§ What to produce
Look through the records below and copy each line that includes the word "Variables".

··· Recorded information

Lemma uniq_chains S : uniq S -> uniq (chains S).
Proof.
have [k ltSk] := ubnP (size S); elim: k S ltSk => // k IH S ltSk uS.
rewrite chainsE /= allpairs_uniq_dep // ?andbT.
- by apply/allpairsPdep => -[x [t []]].
- move=> x xS; apply: IH; last exact: filter_uniq.
  exact: leq_trans (ltn_size_filter_step xS) _.
by move=> [x t] [y t'] _ _ /= [-> ->].
Qed.

Lemma count_chains (p : pred (seq T)) S :
  count p (chains S) =
  p [::] + \sum_(x <- S) count (preim (cons x) p) (chains (filter (step x) S)).
Proof.
rewrite chainsE /= count_flatten sumnE !big_map; congr (_ + _).
by apply: eq_bigr => x _; rewrite count_map.
Qed.

Lemma size_mem_chains S t : uniq S -> t \in chains S -> size t <= size S.
Proof.
move=> uS; rewrite mem_chains => /andP[st /allP tS].
exact: uniq_leq_size (sorted_uniq step_trans step_irr st) tS.
Qed.

End Chains.

Lemma size_sum_count_size (T : eqType) (L : seq (seq T)) K :
  {in L, forall t, size t < K} -> size L = \sum_(s < K) count (fun t => size t == s) L.
Proof.
elim: L => [|t L IH] size_lt; first by rewrite big1.
rewrite big_split /= -IH => [|u uL]; last by apply: size_lt; rewrite inE uL orbT.
have lt_tK : size t < K by apply: size_lt; rewrite mem_head.
rewrite (bigD1 (Ordinal lt_tK)) //= eqxx big1 // => s ne_s.
by apply/eqP; rewrite eqb0; apply: contra ne_s => /eqP eq_s; apply/eqP/val_inj.
Qed.

Section Regions.
Variables (T : eqType) (step : rel T) (E : seq T) (u v : T -> nat) (n : nat).
Hypothesis step_irr : irreflexive step.
Hypothesis step_coord : {in E &, forall x y, step x y = (u y < u x) && (v x < v y)}.
Hypothesis coord_triangle : {in E, forall x, [&& 0 < u x, 0 < v x & u x + v x <= n]}.

Definition region a b := [seq x <- E | (u x < a) && (b < v x)].

Lemma filter_step_region a b x :
  x \in region a b -> filter (step x) (region a b) = region (u x) (v x).
Proof.
rewrite mem_filter => /andP[/andP[ua bv] xE].
rewrite -filter_predI; apply: eq_in_filter => y yE /=.
by rewrite step_coord //; case: ltnP => //= uy; case: ltnP => //= vy; lia.
Qed.

Lemma region1 b : region 1 b = [::].
Proof.
rewrite /region (eq_in_filter (a2 := pred0)) ?filter_pred0 // => x /coord_triangle.
by rewrite /=; lia.
Qed.

Lemma region_full : region n 0 = E.
Proof.
rewrite /region (eq_in_filter (a2 := predT)) ?filter_predT // => x /coord_triangle.
by rewrite /=; lia.
Qed.

Lemma region_diag a b : a + b.+1 = n -> region a.+1 b.+1 = region a b.+1.
Proof.
move=> abn; apply: eq_in_filter => x /coord_triangle.
by case: ltnP => bv; rewrite ?andbF //=; lia.
Qed.

Variables (P Q : pred (seq T)).
Hypothesis P_cons : forall x t, P (x :: t) = Q t.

······

§ Response area
Variables (T : eqType) (step : rel T) (E : seq T) (u v : T -> nat) (n : nat).
Variables (P Q : pred (seq T)).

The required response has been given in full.